■ **Task statement**
Check each line of the entries below for the word "intros" and state only how many lines have it.

■ **Input**
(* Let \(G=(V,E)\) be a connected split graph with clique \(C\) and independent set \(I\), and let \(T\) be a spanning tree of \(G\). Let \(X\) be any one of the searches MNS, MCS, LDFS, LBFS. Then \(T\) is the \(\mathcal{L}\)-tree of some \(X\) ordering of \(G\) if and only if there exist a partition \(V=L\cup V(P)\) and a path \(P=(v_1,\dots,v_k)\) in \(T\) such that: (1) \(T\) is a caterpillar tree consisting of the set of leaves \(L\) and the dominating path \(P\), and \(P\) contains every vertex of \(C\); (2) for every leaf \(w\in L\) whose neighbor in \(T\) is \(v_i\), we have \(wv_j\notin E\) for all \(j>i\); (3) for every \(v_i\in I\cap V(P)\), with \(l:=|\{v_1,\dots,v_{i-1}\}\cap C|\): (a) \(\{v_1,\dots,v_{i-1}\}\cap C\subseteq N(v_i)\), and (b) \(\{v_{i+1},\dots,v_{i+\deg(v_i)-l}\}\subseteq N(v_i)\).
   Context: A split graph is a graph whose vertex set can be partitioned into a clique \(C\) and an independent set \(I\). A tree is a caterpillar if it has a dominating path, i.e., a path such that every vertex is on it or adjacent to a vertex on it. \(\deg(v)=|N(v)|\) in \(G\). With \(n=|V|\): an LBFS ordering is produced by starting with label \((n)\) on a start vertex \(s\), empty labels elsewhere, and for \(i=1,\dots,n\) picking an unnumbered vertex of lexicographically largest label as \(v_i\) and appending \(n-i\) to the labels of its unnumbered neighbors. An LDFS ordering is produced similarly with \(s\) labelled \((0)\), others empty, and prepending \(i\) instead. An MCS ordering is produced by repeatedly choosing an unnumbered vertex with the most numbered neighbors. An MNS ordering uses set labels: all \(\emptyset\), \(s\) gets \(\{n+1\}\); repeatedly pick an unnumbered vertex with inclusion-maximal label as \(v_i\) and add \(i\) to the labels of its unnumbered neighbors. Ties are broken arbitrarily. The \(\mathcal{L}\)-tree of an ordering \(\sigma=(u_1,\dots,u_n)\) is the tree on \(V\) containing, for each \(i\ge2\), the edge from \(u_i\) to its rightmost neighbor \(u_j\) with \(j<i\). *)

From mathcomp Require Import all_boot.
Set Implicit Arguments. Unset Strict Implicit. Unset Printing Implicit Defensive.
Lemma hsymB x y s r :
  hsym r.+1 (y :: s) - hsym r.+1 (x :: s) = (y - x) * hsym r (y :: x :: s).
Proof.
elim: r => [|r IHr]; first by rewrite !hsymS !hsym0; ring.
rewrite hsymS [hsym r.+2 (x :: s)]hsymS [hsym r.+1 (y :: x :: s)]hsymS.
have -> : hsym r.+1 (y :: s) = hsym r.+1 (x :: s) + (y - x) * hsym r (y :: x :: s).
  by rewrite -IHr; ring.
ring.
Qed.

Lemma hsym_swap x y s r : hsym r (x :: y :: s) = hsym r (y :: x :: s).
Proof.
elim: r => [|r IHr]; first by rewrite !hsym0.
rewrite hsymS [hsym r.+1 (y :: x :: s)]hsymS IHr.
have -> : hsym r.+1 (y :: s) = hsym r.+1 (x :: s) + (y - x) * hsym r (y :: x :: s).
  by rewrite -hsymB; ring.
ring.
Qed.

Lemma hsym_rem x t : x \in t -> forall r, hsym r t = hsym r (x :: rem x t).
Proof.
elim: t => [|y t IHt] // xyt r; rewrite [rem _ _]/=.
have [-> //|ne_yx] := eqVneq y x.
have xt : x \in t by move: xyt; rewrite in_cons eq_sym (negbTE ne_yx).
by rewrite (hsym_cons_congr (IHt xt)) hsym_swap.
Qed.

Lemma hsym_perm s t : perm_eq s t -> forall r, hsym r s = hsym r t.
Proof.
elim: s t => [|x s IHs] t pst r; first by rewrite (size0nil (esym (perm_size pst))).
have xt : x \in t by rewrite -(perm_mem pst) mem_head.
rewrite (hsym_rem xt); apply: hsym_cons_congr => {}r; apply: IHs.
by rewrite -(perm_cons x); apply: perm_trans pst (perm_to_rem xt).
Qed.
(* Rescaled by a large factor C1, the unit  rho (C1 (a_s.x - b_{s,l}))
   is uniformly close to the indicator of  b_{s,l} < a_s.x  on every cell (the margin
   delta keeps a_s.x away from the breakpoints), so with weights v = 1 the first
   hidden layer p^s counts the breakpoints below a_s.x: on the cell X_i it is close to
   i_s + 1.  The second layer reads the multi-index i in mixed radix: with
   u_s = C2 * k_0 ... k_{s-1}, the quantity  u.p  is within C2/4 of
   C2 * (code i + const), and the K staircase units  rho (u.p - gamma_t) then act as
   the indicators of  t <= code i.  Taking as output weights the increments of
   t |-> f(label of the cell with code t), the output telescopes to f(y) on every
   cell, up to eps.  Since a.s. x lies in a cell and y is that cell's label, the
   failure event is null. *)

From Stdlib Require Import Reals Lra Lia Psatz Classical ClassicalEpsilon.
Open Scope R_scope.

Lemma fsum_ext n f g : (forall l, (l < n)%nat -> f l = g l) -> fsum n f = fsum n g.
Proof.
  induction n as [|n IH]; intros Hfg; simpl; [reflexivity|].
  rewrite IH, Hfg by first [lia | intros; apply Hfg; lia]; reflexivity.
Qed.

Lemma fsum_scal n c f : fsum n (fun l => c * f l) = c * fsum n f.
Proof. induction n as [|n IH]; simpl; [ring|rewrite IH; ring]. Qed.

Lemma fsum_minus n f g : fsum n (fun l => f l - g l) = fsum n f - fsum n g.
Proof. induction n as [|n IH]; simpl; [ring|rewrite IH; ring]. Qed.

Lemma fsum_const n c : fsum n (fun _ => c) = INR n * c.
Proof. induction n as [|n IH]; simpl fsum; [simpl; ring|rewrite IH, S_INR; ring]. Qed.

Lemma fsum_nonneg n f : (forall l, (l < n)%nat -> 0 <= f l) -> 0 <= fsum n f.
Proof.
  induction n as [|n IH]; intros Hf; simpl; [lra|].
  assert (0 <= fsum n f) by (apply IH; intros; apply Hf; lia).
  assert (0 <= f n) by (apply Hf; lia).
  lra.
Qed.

■ **Answer space**
4